If we have N classes/categories to predict, the confusion matrix will have N rows and N columns, creating an N×N matrix.

### Comparing Confusion Matrices Across Different Machine Learning Models

Logistic Regression vs Random Forest

In [1]:
import numpy as np
from sklearn.metrics import confusion_matrix, accuracy_score
from sklearn.linear_model import LogisticRegression
from sklearn.ensemble import RandomForestClassifier
from sklearn.model_selection import cross_val_predict

# Create simple heart disease data (fake data)
np.random.seed(42)

# Generate 100 people with random ages and cholesterol
age = np.random.normal(55, 15, 100)
cholesterol = np.random.normal(200, 50, 100)

# Simple rule: high age + high cholesterol = heart disease
# Risk calculated with a simple formula
risk = (age - 50) / 20 + (cholesterol - 200) / 100
actual = (risk > 0.5).astype(int)  # If risk > 0.5 = heart disease, otherwise no heart disease

# Combine features for model input into 2D array
X = np.column_stack([age, cholesterol])

# Function to display confusion matrix
def show_confusion_matrix(cm, model_name):
    print(f"\n{model_name} Confusion Matrix:")
    print("                Predicted")
    print("Actual    | No Disease | Disease")
    print("----------|------------|--------")
    print(f"No Disease|     {cm[0,0]:3d}     |   {cm[0,1]:3d}")
    print(f"Disease   |     {cm[1,0]:3d}     |   {cm[1,1]:3d}")
    
    # Calculate metrics
    tn, fp, fn, tp = cm.ravel()
    accuracy = (tp + tn) / (tp + tn + fp + fn)
    
    print(f"\n{model_name} Metrics:")
    print(f"True Negatives (TN): {tn}")
    print(f"False Positives (FP): {fp}")
    print(f"False Negatives (FN): {fn}")
    print(f"True Positives (TP): {tp}")
    print(f"Accuracy: {accuracy:.3f} ({accuracy*100:.1f}%)")
    
    return accuracy

# Test Logistic Regression
print("=== LOGISTIC REGRESSION ===")
lr_model = LogisticRegression(random_state=42)
lr_predicted = cross_val_predict(lr_model, X, actual, cv=5)
lr_cm = confusion_matrix(actual, lr_predicted)
lr_accuracy = show_confusion_matrix(lr_cm, "Logistic Regression")

# Test Random Forest
print("\n=== RANDOM FOREST ===")
rf_model = RandomForestClassifier(n_estimators=10, random_state=42)
rf_predicted = cross_val_predict(rf_model, X, actual, cv=5)
rf_cm = confusion_matrix(actual, rf_predicted)
rf_accuracy = show_confusion_matrix(rf_cm, "Random Forest")

# Compare results
print("\n=== COMPARISON ===")
print(f"Logistic Regression Accuracy: {lr_accuracy:.3f} ({lr_accuracy*100:.1f}%)")
print(f"Random Forest Accuracy: {rf_accuracy:.3f} ({rf_accuracy*100:.1f}%)")
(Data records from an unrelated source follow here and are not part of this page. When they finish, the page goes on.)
(* Consider a passive, minimal interconnected system $\Sigma_c=(A_c,B_c,C_c,D_c)$ consisting of $k$ passive, minimal subsystems $\Sigma_1,\dots,\Sigma_k$, a positive semi-definite interconnection matrix $S$ and an external input matrix $\mathcal{B}$. If $\Sigma_c$ is reduced to $\hat{\Sigma}_c$ using the Passive Interconnected Balanced Truncation (PIBT) algorithm described in the context, then the reduced subsystems $\hat{\Sigma}_j$, $j\in\{1,\dots,k\}$, and the reduced interconnected system $\hat{\Sigma}_c$ are passive.
   Context: A square, minimal system $\Sigma=(A,B,C,D)$, $\dot x=Ax+Bu$, $y=Cx+Du$, is passive iff there is $\Xi=\Xi^\top\succ0$ with $\begin{bmatrix}A^\top\Xi+\Xi A & \Xi B-C^\top\\ B^\top\Xi-C & -(D+D^\top)\end{bmatrix}\preceq0$ (positive real lemma). Subsystems $\Sigma_j=(A_j,B_j,C_j,D_j)$ with states $x_j\in\mathbb{R}^{n_j}$, inputs $v_j$ and outputs $z_j$ in $\mathbb{R}^{p_j}$ are passive and minimal. Their parallel composition is $\Sigma_b=(A_b,B_b,C_b,D_b)$ with $A_b=\mathrm{diag}(A_1,\dots,A_k)$ etc. and stacked states/inputs/outputs $x_b,v_b,z_b$. The interconnection is $v_b=-Sz_b+\mathcal{B}u_c$, $y_c=\mathcal{B}^\top z_b$ with $S\succeq0$ such that $I+SD_b$, $I+D_bS$ are nonsingular, giving $A_c=A_b-B_b\mathcal{D}_2SC_b$, $B_c=B_b\mathcal{D}_2\mathcal{B}$, $C_c=\mathcal{B}^\top\mathcal{D}_1C_b$, $D_c=\mathcal{B}^\top D_b\mathcal{D}_2\mathcal{B}$, $\mathcal{D}_1=(I+D_bS)^{-1}$, $\mathcal{D}_2=(I+SD_b)^{-1}$; $\Sigma_c$ is assumed asymptotically stable. It was shown earlier that such a negative feedback interconnection of a passive $\Sigma_b$ with $S\succeq0$ and $\mathcal{B}$ is passive. PIBT: (1) compute the controllability Gramian $P_c$ of $\Sigma_c$ from $0=A_cP_c+P_cA_c^\top+B_cB_c^\top$ and partition it into blocks $P_{i,j}\in\mathbb{R}^{n_i\times n_j}$ according to the subsystem states; (2) for each $j$ compute the (minimal) available storage $\Xi_j$ solving the positive real LMI above for $(A_j,B_j,C_j,D_j)$; (3) balance $\Sigma_j$ with input Gramian $X_i=P_{j,j}$ and output Gramian $X_o=\Xi_j$: Cholesky factors $X_i=R_i^\top R_i$, $X_o=R_o^\top R_o$, SVD $R_oR_i^\top=U\Gamma V$, $T=\Gamma^{-1/2}U^\top R_o$, $T^{-1}=R_i^\top V\Gamma^{-1/2}$, balanced realization $(TA_jT^{-1},TB_j,C_jT^{-1},D_j)$, for which the transformed Gramians both equal the diagonal sorted $\Gamma$; (4) partition the balanced realization as $\begin{bmatrix}\tilde A_{11}&\tilde A_{12}\\ \tilde A_{21}&\tilde A_{22}\end{bmatrix}$, $\begin{bmatrix}\tilde B_1\\ \tilde B_2\end{bmatrix}$, $[\tilde C_1\ \tilde C_2]$, with the first block corresponding to the largest diagonal entries of $\Gamma$, and keep $\hat{\Sigma}_j=(\tilde A_{11},\tilde B_1,\tilde C_1,D_j)$; (5) interconnect the $\hat{\Sigma}_j$ with $S$ and $\mathcal{B}$ via the same formulas to obtain $\hat{\Sigma}_c$. *)

From HB Require Import structures.
From mathcomp Require Import all_boot all_order all_algebra.
From mathcomp Require Import complex.
Set Implicit Arguments. Unset Strict Implicit. Unset Printing Implicit Defensive.
Import Order.TTheory GRing.Theory Num.Theory.
Local Open Scope ring_scope.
if lr_accuracy > rf_accuracy:
    print("Logistic Regression performed better!")
elif rf_accuracy > lr_accuracy:
    print("Random Forest performed better!")
else:
    print("Both models performed equally!")

print(f"\nBest Model: {'Logistic Regression' if lr_accuracy > rf_accuracy else 'Random Forest'}")
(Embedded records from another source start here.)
(* Let $\omega:(0,\infty)\to[0,\infty)$ be a twice differentiable monotone function with $|\omega^{(j)}(\lambda)|\le a_0\lambda^{-j}$ for $j=0,1,2$ and all $\lambda>0$. Then there is a constant $C_0$ depending only on $a_0$ such that for every positive integer $m$, every $1\le k\le m$, every choice of $\sigma_1\ge\sigma_2\ge\dots\ge\sigma_m\ge0$ and $b_1,\dots,b_m>0$, and both choices of sign, \[ \Bigl|\int_0^\infty e^{\frac12 i\lambda^2}e^{\pm i\sum_{j=1}^mb_j\sqrt{\lambda^2+\sigma_j}}\,\frac{\lambda}{\sqrt{\lambda^2+\sigma_k}}\,\omega(\lambda)\,d\lambda\Bigr|\le C_0\min\Bigl[(1+\sigma_1)^{1/4},\ m^{3/2}b_k^{-1}\max_\ell b_\ell\Bigr], \] \[ \Bigl|\int_0^\infty e^{\frac12 i\lambda^2}e^{\pm i\sum_{j=1}^mb_j\sqrt{\lambda^2+\sigma_j}}\,\omega(\lambda)\,d\lambda\Bigr|\le C_0(1+\sigma_1)^{1/4}. \] *)

From Stdlib Require Import Reals.
From Coquelicot Require Import Coquelicot.
Open Scope R_scope.

(* max_{1 <= l <= n} b l  (with value 0 for n = 0; only used for n >= 1 with b > 0) *)
Fixpoint max_1n (b : nat -> R) (n : nat) : R :=
  match n with
  | O => 0
  | S p => Rmax (max_1n b p) (b (S p))
  end.

Definition phase (s : R) (m : nat) (b sigma : nat -> R) (l : R) : R :=
  l ^ 2 / 2 + s * sum_n_m (fun j => b j * sqrt (l ^ 2 + sigma j)) 1 m.

Definition osc (ph g : R -> R) : R -> C :=
  fun l => (g l * cos (ph l), g l * sin (ph l)).

Definition improper_int_0_oo (f : R -> C) (I : C) : Prop :=
  is_RInt_gen f (at_right 0) (Rbar_locally p_infty) I.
=== LOGISTIC REGRESSION ===

Logistic Regression Confusion Matrix:
                Predicted
Actual    | No Disease | Disease
----------|------------|--------
No Disease|      69     |     0
Disease   |       0     |    31

Logistic Regression Metrics:
True Negatives (TN): 69
False Positives (FP): 0
False Negatives (FN): 0
True Positives (TP): 31
Accuracy: 1.000 (100.0%)

=== RANDOM FOREST ===

Random Forest Confusion Matrix:
                Predicted
Actual    | No Disease | Disease
----------|------------|--------
No Disease|      67     |     2
Disease   |       9     |    22

Random Forest Metrics:
True Negatives (TN): 67
False Positives (FP): 2
False Negatives (FN): 9
True Positives (TP): 22
Accuracy: 0.890 (89.0%)

=== COMPARISON ===
Logistic Regression Accuracy: 1.000 (100.0%)
Random Forest Accuracy: 0.890 (89.0%)
Logistic Regression performed better!

Best Model: Logistic Regression


Confusion matrices help compare different ML models on the same dataset. By testing multiple algorithms, we can see which performs best and what types of errors each makes. This is especially important in medical applications where false negatives (missing disease) are more dangerous than false positives (false alarm). The confusion matrix guides us to choose the right model based on error patterns that matter most for our specific problem.